Stored data entries

(* Let $f,\tilde f,g,\tilde g,h,\tilde h,b,c$ be functions of two variables satisfying $b(u,v)=c(u,v)$, $g(u,v)=h(u,v)$, $\tilde g(u,v)=\tilde h(u,v)$. Let $q(n_1,n_2;y,z)$, $(n_1,n_2)\in\mathbb Z^2$, satisfy for all $y,z$ the 7-point equation $$f(q,q_{1,0})-\tilde f(q,q_{-1,0})+g(q,q_{0,1})-\tilde g(q,q_{0,-1})+h(q,q_{-1,-1})-\tilde h(q,q_{1,1})=0$$ at every site, together with the flows $$q_{,y}=b\bigl(q,-\tilde f(q,q_{-1,0})+g(q,q_{0,1})-\tilde h(q,q_{1,1})\bigr)=b\bigl(q,-f(q,q_{1,0})+\tilde g(q,q_{0,-1})-h(q,q_{-1,-1})\bigr),$$ $$q_{,z}=c\bigl(q,-\tilde f(q,q_{-1,0})-\tilde g(q,q_{0,-1})+h(q,q_{-1,-1})\bigr)=c\bigl(q,-f(q,q_{1,0})-g(q,q_{0,1})+\tilde h(q,q_{1,1})\bigr).$$ Fix an integer $j$ and set $u(2k)=q(k,j)$, $u(2k-1)=q(k,j+1)$ for $k\in\mathbb Z$. Then $u_{,t}:=u_{,y}+u_{,z}$ satisfies, at every $n\in\mathbb Z$ (both even and odd), the autonomous equation $$u_{,t}=b\bigl(u,-\tilde f(u,u_{-2})+g(u,u_{-1})-\tilde g(u,u_1)\bigr)+b\bigl(u,-f(u,u_2)-g(u,u_{-1})+\tilde g(u,u_1)\bigr),$$ where $u=u(n)$, $u_m=u(n+m)$.
   Context: Notation: $q_{i,j}=q(n_1+i,n_2+j)$; subscripts ${,y},{,z},{,t}$ denote derivatives in $y,z,t$. *)

From Stdlib Require Import Reals ZArith.
From Coquelicot Require Import Coquelicot.
Open Scope R_scope.

Definition field2 := Z -> Z -> R -> R -> R.

(* u(2k) = q(k,j), u(2k-1) = q(k,j+1) (Z.div is floor division, so for
   n = 2k-1 we get (n+1)/2 = k). *)
Definition zigzag (q : field2) (j : Z) (n : Z) (y z : R) : R :=
  if Z.even n then q (n / 2)%Z j y z else q ((n + 1) / 2)%Z (j + 1)%Z y z.

From Stdlib Require Import Reals ZArith Lia FunctionalExtensionality.
From Coquelicot Require Import Coquelicot.
Open Scope R_scope.

(* Once c = b, h = g and h~ = g~, each flow has an upper form, whose arguments
   are among q_{-1,0}, q_{1,0}, q_{0,1}, q_{1,1}, and a lower form, whose
   arguments are among q_{-1,0}, q_{1,0}, q_{0,-1}, q_{-1,-1} (the first form of
   the y-flow and the second of the z-flow are the upper ones).  At an even site
   u = q(k,j) of the zigzag, u_{-2}, u_{-1}, u_1, u_2 are q_{-1,0}, q_{0,1},
   q_{1,1}, q_{1,0}, so u_t is the sum of the upper forms; at an odd site
   u = q(k,j+1) they are q_{-1,0}, q_{-1,-1}, q_{0,-1}, q_{1,0}, and u_t is the
   sum of the lower forms. *)

Lemma zigzag_even (q : field2) (j k : Z) : zigzag q j (2 * k) = q k j.
Proof.
  unfold zigzag.
  rewrite Z.even_mul, Z.mul_comm, Z.div_mul by lia.
  reflexivity.
Qed.

Lemma zigzag_odd (q : field2) (j k : Z) : zigzag q j (2 * k - 1) = q k (j + 1)%Z.
Proof.
  unfold zigzag.
  rewrite Z.even_sub, Z.even_mul.
  replace (2 * k - 1 + 1)%Z with (k * 2)%Z by ring.
  rewrite Z.div_mul by lia.
  reflexivity.
Qed.

Lemma is_derive_partials_sum (F : R -> R -> R) (y z dy dz : R) :
  is_derive (fun y' => F y' z) y dy -> is_derive (fun z' => F y z') z dz ->
  ex_derive (fun y' => F y' z) y /\ ex_derive (fun z' => F y z') z /\
  Derive (fun y' => F y' z) y + Derive (fun z' => F y z') z = dy + dz.
Proof.
  intros Dy Dz.
  split; [exists dy; exact Dy |].
  split; [exists dz; exact Dz |].
  f_equal; now apply is_derive_unique.
Qed.

Section ZigzagReduction.

Variables (f ft g gt b : R -> R -> R) (q : field2).

Hypothesis q_y_up : forall (n1 n2 : Z) (y z : R),
  is_derive (fun y' => q n1 n2 y' z) y
    (b (q n1 n2 y z)
       (- ft (q n1 n2 y z) (q (n1 - 1)%Z n2 y z)
        + g (q n1 n2 y z) (q n1 (n2 + 1)%Z y z)
        - gt (q n1 n2 y z) (q (n1 + 1)%Z (n2 + 1)%Z y z))).

Hypothesis q_y_down : forall (n1 n2 : Z) (y z : R),
  is_derive (fun y' => q n1 n2 y' z) y
    (b (q n1 n2 y z)
       (- f (q n1 n2 y z) (q (n1 + 1)%Z n2 y z)
        + gt (q n1 n2 y z) (q n1 (n2 - 1)%Z y z)
        - g (q n1 n2 y z) (q (n1 - 1)%Z (n2 - 1)%Z y z))).

Hypothesis q_z_down : forall (n1 n2 : Z) (y z : R),
  is_derive (fun z' => q n1 n2 y z') z
    (b (q n1 n2 y z)
       (- ft (q n1 n2 y z) (q (n1 - 1)%Z n2 y z)
        - gt (q n1 n2 y z) (q n1 (n2 - 1)%Z y z)
        + g (q n1 n2 y z) (q (n1 - 1)%Z (n2 - 1)%Z y z))).

Hypothesis q_z_up : forall (n1 n2 : Z) (y z : R),
  is_derive (fun z' => q n1 n2 y z') z
    (b (q n1 n2 y z)
       (- f (q n1 n2 y z) (q (n1 + 1)%Z n2 y z)
        - g (q n1 n2 y z) (q n1 (n2 + 1)%Z y z)
        + gt (q n1 n2 y z) (q (n1 + 1)%Z (n2 + 1)%Z y z))).

Variable j : Z.

Definition zigzag_rhs (n : Z) (y z : R) : R :=
  let u := fun (m : Z) => zigzag q j (n + m)%Z y z in
  b (u 0%Z) (- ft (u 0%Z) (u (-2)%Z) + g (u 0%Z) (u (-1)%Z) - gt (u 0%Z) (u 1%Z))
  + b (u 0%Z) (- f (u 0%Z) (u 2%Z) - g (u 0%Z) (u (-1)%Z) + gt (u 0%Z) (u 1%Z)).

Lemma zigzag_flow_even (k : Z) (y z : R) :
  ex_derive (fun y' => zigzag q j (2 * k) y' z) y /\
  ex_derive (fun z' => zigzag q j (2 * k) y z') z /\
  Derive (fun y' => zigzag q j (2 * k) y' z) y
  + Derive (fun z' => zigzag q j (2 * k) y z') z = zigzag_rhs (2 * k) y z.
Proof.
  unfold zigzag_rhs; cbv beta.
  replace (2 * k + 0)%Z with (2 * k)%Z by ring.
  replace (2 * k + -2)%Z with (2 * (k - 1))%Z by ring.
  replace (2 * k + -1)%Z with (2 * k - 1)%Z by ring.
  replace (2 * k + 1)%Z with (2 * (k + 1) - 1)%Z by ring.
  replace (2 * k + 2)%Z with (2 * (k + 1))%Z by ring.
  rewrite !zigzag_even, !zigzag_odd.
  exact (is_derive_partials_sum _ y z _ _ (q_y_up k j y z) (q_z_up k j y z)).
Qed.

Lemma zigzag_flow_odd (k : Z) (y z : R) :
  ex_derive (fun y' => zigzag q j (2 * k - 1) y' z) y /\
  ex_derive (fun z' => zigzag q j (2 * k - 1) y z') z /\
  Derive (fun y' => zigzag q j (2 * k - 1) y' z) y
  + Derive (fun z' => zigzag q j (2 * k - 1) y z') z = zigzag_rhs (2 * k - 1) y z.
Proof.
  unfold zigzag_rhs; cbv beta.
  replace (2 * k - 1 + 0)%Z with (2 * k - 1)%Z by ring.
  replace (2 * k - 1 + -2)%Z with (2 * (k - 1) - 1)%Z by ring.
  replace (2 * k - 1 + -1)%Z with (2 * (k - 1))%Z by ring.
  replace (2 * k - 1 + 1)%Z with (2 * k)%Z by ring.
  replace (2 * k - 1 + 2)%Z with (2 * (k + 1) - 1)%Z by ring.
  rewrite !zigzag_even, !zigzag_odd.
  destruct (is_derive_partials_sum _ y z _ _
              (q_y_down k (j + 1) y z) (q_z_down k (j + 1) y z)) as (Ey & Ez & ->).
  repeat split; trivial.
  replace (j + 1 - 1)%Z with j by ring.
  rewrite Rplus_comm; f_equal; f_equal; ring.
Qed.


End ZigzagReduction.

Theorem mainTheorem2
  (f ft g gt h ht b c : R -> R -> R)
  (hbc : forall s w, b s w = c s w)
  (hgh : forall s w, g s w = h s w)
  (hgtht : forall s w, gt s w = ht s w)
  (q : Z -> Z -> R -> R -> R)
  (Hlat : forall (n1 n2 : Z) (y z : R),
     f (q n1 n2 y z) (q (n1 + 1)%Z n2 y z) - ft (q n1 n2 y z) (q (n1 - 1)%Z n2 y z)
     + g (q n1 n2 y z) (q n1 (n2 + 1)%Z y z) - gt (q n1 n2 y z) (q n1 (n2 - 1)%Z y z)
     + h (q n1 n2 y z) (q (n1 - 1)%Z (n2 - 1)%Z y z)
     - ht (q n1 n2 y z) (q (n1 + 1)%Z (n2 + 1)%Z y z) = 0)
  (Hy : forall (n1 n2 : Z) (y z : R),
     is_derive (fun y' => q n1 n2 y' z) y
       (b (q n1 n2 y z)
          (- ft (q n1 n2 y z) (q (n1 - 1)%Z n2 y z)
           + g (q n1 n2 y z) (q n1 (n2 + 1)%Z y z)
           - ht (q n1 n2 y z) (q (n1 + 1)%Z (n2 + 1)%Z y z))))
  (Hy' : forall (n1 n2 : Z) (y z : R),
     b (q n1 n2 y z)
       (- ft (q n1 n2 y z) (q (n1 - 1)%Z n2 y z)
        + g (q n1 n2 y z) (q n1 (n2 + 1)%Z y z)
        - ht (q n1 n2 y z) (q (n1 + 1)%Z (n2 + 1)%Z y z))
     = b (q n1 n2 y z)
       (- f (q n1 n2 y z) (q (n1 + 1)%Z n2 y z)
        + gt (q n1 n2 y z) (q n1 (n2 - 1)%Z y z)
        - h (q n1 n2 y z) (q (n1 - 1)%Z (n2 - 1)%Z y z)))
  (Hz : forall (n1 n2 : Z) (y z : R),
     is_derive (fun z' => q n1 n2 y z') z
       (c (q n1 n2 y z)
          (- ft (q n1 n2 y z) (q (n1 - 1)%Z n2 y z)
           - gt (q n1 n2 y z) (q n1 (n2 - 1)%Z y z)
           + h (q n1 n2 y z) (q (n1 - 1)%Z (n2 - 1)%Z y z))))
  (Hz' : forall (n1 n2 : Z) (y z : R),
     c (q n1 n2 y z)
       (- ft (q n1 n2 y z) (q (n1 - 1)%Z n2 y z)
        - gt (q n1 n2 y z) (q n1 (n2 - 1)%Z y z)
        + h (q n1 n2 y z) (q (n1 - 1)%Z (n2 - 1)%Z y z))
     = c (q n1 n2 y z)
       (- f (q n1 n2 y z) (q (n1 + 1)%Z n2 y z)
        - g (q n1 n2 y z) (q n1 (n2 + 1)%Z y z)
        + ht (q n1 n2 y z) (q (n1 + 1)%Z (n2 + 1)%Z y z)))
  (j : Z) :
  forall (n : Z) (y z : R),
    let u := fun (m : Z) => zigzag q j (n + m)%Z y z in
    ex_derive (fun y' => zigzag q j n y' z) y /\
    ex_derive (fun z' => zigzag q j n y z') z /\
    Derive (fun y' => zigzag q j n y' z) y + Derive (fun z' => zigzag q j n y z') z
    = b (u 0%Z) (- ft (u 0%Z) (u (-2)%Z) + g (u 0%Z) (u (-1)%Z) - gt (u 0%Z) (u 1%Z))
      + b (u 0%Z) (- f (u 0%Z) (u 2%Z) - g (u 0%Z) (u (-1)%Z) + gt (u 0%Z) (u 1%Z)).
Proof.
  assert (c = b) by (extensionality s; extensionality w; symmetry; apply hbc).
  assert (h = g) by (extensionality s; extensionality w; symmetry; apply hgh).
  assert (ht = gt) by (extensionality s; extensionality w; symmetry; apply hgtht).
  subst c h ht.
  assert (q_y_down : forall n1 n2 y z, is_derive (fun y' => q n1 n2 y' z) y
    (b (q n1 n2 y z)
       (- f (q n1 n2 y z) (q (n1 + 1)%Z n2 y z)
        + gt (q n1 n2 y z) (q n1 (n2 - 1)%Z y z)
        - g (q n1 n2 y z) (q (n1 - 1)%Z (n2 - 1)%Z y z))))
    by (intros; rewrite <- Hy'; apply Hy).
  assert (q_z_up : forall n1 n2 y z, is_derive (fun z' => q n1 n2 y z') z
    (b (q n1 n2 y z)
       (- f (q n1 n2 y z) (q (n1 + 1)%Z n2 y z)
        - g (q n1 n2 y z) (q n1 (n2 + 1)%Z y z)
        + gt (q n1 n2 y z) (q (n1 + 1)%Z (n2 + 1)%Z y z))))
    by (intros; rewrite <- Hz'; apply Hz).
  intros n y z.
  destruct (Z.Even_or_Odd n) as [[k ->] | [k ->]].
  - exact (zigzag_flow_even f ft g gt b q Hy q_z_up j k y z).
  - replace (2 * k + 1)%Z with (2 * (k + 1) - 1)%Z by ring.
    exact (zigzag_flow_odd f ft g gt b q q_y_down Hz j (k + 1) y z).
Qed.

What needs to be done =>
What are the lines above that hold the string "ZArith"? Copy them.

Result for this exercise =>
From Stdlib Require Import Reals ZArith.
From Stdlib Require Import Reals ZArith Lia FunctionalExtensionality.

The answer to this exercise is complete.